- _DATA SUPPLIED_

Lemma val_addr_below x w : x != 0 -> below (nu x) w ->
  x + w != 0 /\ nu (x + w) = nu x.
Proof.
move=> x0 [->|ltw]; first by rewrite addr0.
have [w0|w0] := eqVneq w 0; first by rewrite w0 addr0.
have xw0 : x + w != 0.
  by apply: contraTneq ltw => /eqP; rewrite addr_eq0 => /eqP->; rewrite valN // ltxx.
split=> //; apply: le_anti; apply/andP; split.
  by apply: le_trans (valD x0 w0 xw0) _; rewrite ge_max lexx ltW.
have := @valD (x + w) (- w) xw0; rewrite oppr_eq0 addrK valN // => /(_ w0 x0).
by rewrite le_max => /orP[] // lexw; move: ltw; rewrite ltNge lexw.
Qed.

Definition gr_dim1 := forall x y, x != 0 -> y != 0 -> nu x = nu y ->
  exists m, below (nu x) (x - m *: y).

Section AdaptedSet.
Variable B : S -> Prop.
Hypothesis nu_injB : forall b1 b2, B b1 -> B b2 -> nu b1 = nu b2 -> b1 = b2.

Lemma dominant_term (I : finType) (P : pred I) (b : I -> S) (c : I -> k) :
  (forall i, B (b i)) -> (exists i, P i && (c i *: b i != 0)) ->
  exists i, [/\ P i, c i *: b i != 0 &
    below (nu (b i)) (\sum_(j | P j && (b j != b i)) c j *: b j)].
Proof.
move=> Bb [i0 Pi0].
case: (@arg_maxP _ _ _ i0 [pred i | P i && (c i *: b i != 0)] (fun i => nu (b i)) Pi0) => i /andP[Pi nzi] max_i.
exists i; split=> //; apply: below_sum => j /andP[Pj bji].
have [->|nzj] := eqVneq (c j *: b j) 0; first exact: below0.
move: (nzj); rewrite scaler_eq0 negb_or => /andP[cj0 bj0].
right; rewrite valZ // lt_neqAle; apply/andP; split; last by apply: max_i; rewrite /= Pj.
by apply: contra bji => /eqP/nu_injB ->.
Qed.

Lemma lin_indep_of_val_inj : (forall b, B b -> b != 0) -> lin_indep B.
Proof.
move=> Bnz n b c b_inj Bb sum0 i; apply/eqP/negPn/negP => ci0.
have nzi : predT i && (c i *: b i != 0) by rewrite /= scaler_eq0 negb_or ci0 Bnz.
have [j [_ nzj low]] := dominant_term Bb (ex_intro _ i nzi).
move: (nzj); rewrite scaler_eq0 negb_or => /andP[cj0 _].
rewrite -(valZ cj0) ?Bnz // in low.
rewrite (bigD1 j) //= in sum0.
have [] := val_addr_below nzj low.
rewrite (eq_bigl (fun l => l != j)) ?sum0 ?eqxx // => l.
by rewrite /= inj_eq.
Qed.

Definition has_leading_term x := exists b0 l,
  [/\ B b0, l != 0, nu b0 = nu x & below (nu x) (x - l *: b0)].

Lemma sum_leading_term n (b : 'I_n -> S) (c : 'I_n -> k) (A : {set 'I_n}) :
  (forall i, B (b i)) ->
  \sum_(i in A) c i *: b i = 0 \/ has_leading_term (\sum_(i in A) c i *: b i).
Proof.
move=> Bb; elim: {A}_.+1 {-2}A (ltnSn #|A|) => // N IH A leAN.
have [/existsP[i0 Pi0]|/existsPn all0] :=
  boolP [exists i, (i \in A) && (c i *: b i != 0)]; last first.
  by left; apply: big1 => i iA; move: (all0 i); rewrite iA negbK => /eqP.
have [i [iA nzi low]] := dominant_term (P := mem A) Bb (ex_intro _ i0 Pi0).
move: (nzi); rewrite scaler_eq0 negb_or => /andP[_ bi0].
set l := \sum_(j in A | b j == b i) c j.
set r := \sum_(j | _ && _) _ in low.
have -> : \sum_(j in A) c j *: b j = l *: b i + r.
  rewrite (bigID (fun j => b j == b i)) /= scaler_suml; congr (_ + _).
  by apply: eq_bigr => j /andP[_ /eqP->].
have [l0|l0] := eqVneq l 0; last first.
  have nzl : l *: b i != 0 by rewrite scaler_eq0 negb_or l0.
  have lowl : below (nu (l *: b i)) r by rewrite valZ.
  have [_ nux] := val_addr_below nzl lowl.
  right; exists (b i), l; rewrite nux valZ // [l *: _ + r]addrC addrK.
  by split.
have -> : l *: b i + r = \sum_(j in [set j in A | b j != b i]) c j *: b j.
  by rewrite l0 scale0r add0r; apply: eq_bigl => j; rewrite inE.
apply: IH; rewrite -ltnS (leq_trans _ leAN) // ltnS proper_card //.
apply/properP; split; last by exists i; rewrite // inE eqxx andbF.
by apply/subsetP => j; rewrite inE => /andP[].
Qed.

Lemma spans_leading_term : spans B -> forall x, x != 0 -> has_leading_term x.
Proof.
move=> spB x x0; have [n [b [c [Bb ex]]]] := spB x.
have ex' : x = \sum_(i in [set: 'I_n]) c i *: b i.
  by rewrite ex; apply: eq_bigl => i; rewrite in_setT.
rewrite ex'; case: (sum_leading_term c [set: 'I_n] Bb) => // sum0.
by rewrite -ex' in sum0; rewrite sum0 eqxx in x0.
Qed.

Lemma gr_dim1_of_adapted : spans B -> gr_dim1.
Proof.
move=> spB x y x0 y0 nuxy.
have [bx [lx [Bbx lx0 nubx lowx]]] := spans_leading_term spB x0.
have [b' [ly [Bb' ly0 nub' lowy]]] := spans_leading_term spB y0.
have eb : b' = bx by apply: nu_injB; rewrite // nubx nub' nuxy.
exists (lx / ly).
have -> : x - lx / ly *: y = (x - lx *: bx) - (lx / ly) *: (y - ly *: bx).
  by rewrite scalerBr scalerA divfK // opprB addrA addrNK.
by apply: belowB => //; apply: belowZ; rewrite nuxy -eb.
Qed.
End AdaptedSet.
End Valuation.

Lemma injective_valuation_gr_dim1 (k : fieldType) (S : lmodType k)
    (d : Order.disp_t) (C : orderType d) (nu : S -> C) :
  injective_valuation nu -> gr_dim1 nu.
Proof. by case=> nu_val [B [[_ spB] nu_injB]]; apply: gr_dim1_of_adapted spB. Qed.

Section SpanByValues.
Variables (k : fieldType) (S : lmodType k).

Definition seq_span (B : S -> Prop) (x : S) := exists s : seq (k * S),
  (forall p, p \in s -> B p.2) /\ x = \sum_(p <- s) p.1 *: p.2.

Lemma seq_span0 B : seq_span B 0.
Proof. by exists [::]; rewrite big_nil. Qed.

Lemma seq_spanDZ B x m b : B b -> seq_span B x -> seq_span B (x + m *: b).
Proof.
move=> Bb [s [sB ->]]; exists ((m, b) :: s); rewrite big_cons addrC.
by split=> // p; rewrite inE => /orP[/eqP->|/sB].
Qed.

Lemma spans_of_seq_span B : (forall x, seq_span B x) -> spans B.
Proof.
move=> spB x; have [s [sB ->]] := spB x.
exists (size s), (fun i => (nth (0, 0) s i).2), (fun i => (nth (0, 0) s i).1).
by split=> [i|]; [apply/sB/mem_nth | rewrite (big_nth (0, 0)) big_mkord].
Qed.

Lemma spans_of_val_image (d : Order.disp_t) (C : orderType d) (nu : S -> C)
    (B : S -> Prop) :
  well_ordered_set (val_image nu) -> gr_dim1 nu ->
  (forall a, val_image nu a -> exists2 b, B b & b != 0 /\ nu b = a) ->
  spans B.
Proof.
move=> wo g1 hitB; apply: spans_of_seq_span => x.
have [->|x0] := eqVneq x 0; first exact: seq_span0.
suff: forall a, val_image nu a -> forall y, y != 0 -> nu y = a -> seq_span B y.
  by apply=> //; exists x.
apply: (well_ordered_ind wo) => a _ IH y y0 nuy.
have [b Bb [b0 nub]] := hitB a (ex_intro2 _ _ y y0 nuy).
have [m low] := g1 _ _ y0 b0 (etrans nuy (esym nub)).
rewrite -(subrK (m *: b) y); apply: seq_spanDZ => //.
have [->|r0] := eqVneq (y - m *: b) 0; first exact: seq_span0.
case: low => [r0'|ltr]; first by rewrite r0' eqxx in r0.
have vr : val_image nu (nu (y - m *: b)) by exists (y - m *: b).
by apply: (IH _ vr) r0 erefl; rewrite -nuy.
Qed.
End SpanByValues.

- _WHAT TO DO_
Out of the data above, transcribe exactly and only the lines starting with the line that has "apply/properP; split; last" and going on through the line that has "have ex' : x", both included.

- _EXERCISE RESPONSE_
apply/properP; split; last by exists i; rewrite // inE eqxx andbF.
by apply/subsetP => j; rewrite inE => /andP[].
Qed.

Lemma spans_leading_term : spans B -> forall x, x != 0 -> has_leading_term x.
Proof.
move=> spB x x0; have [n [b [c [Bb ex]]]] := spB x.
have ex' : x = \sum_(i in [set: 'I_n]) c i *: b i.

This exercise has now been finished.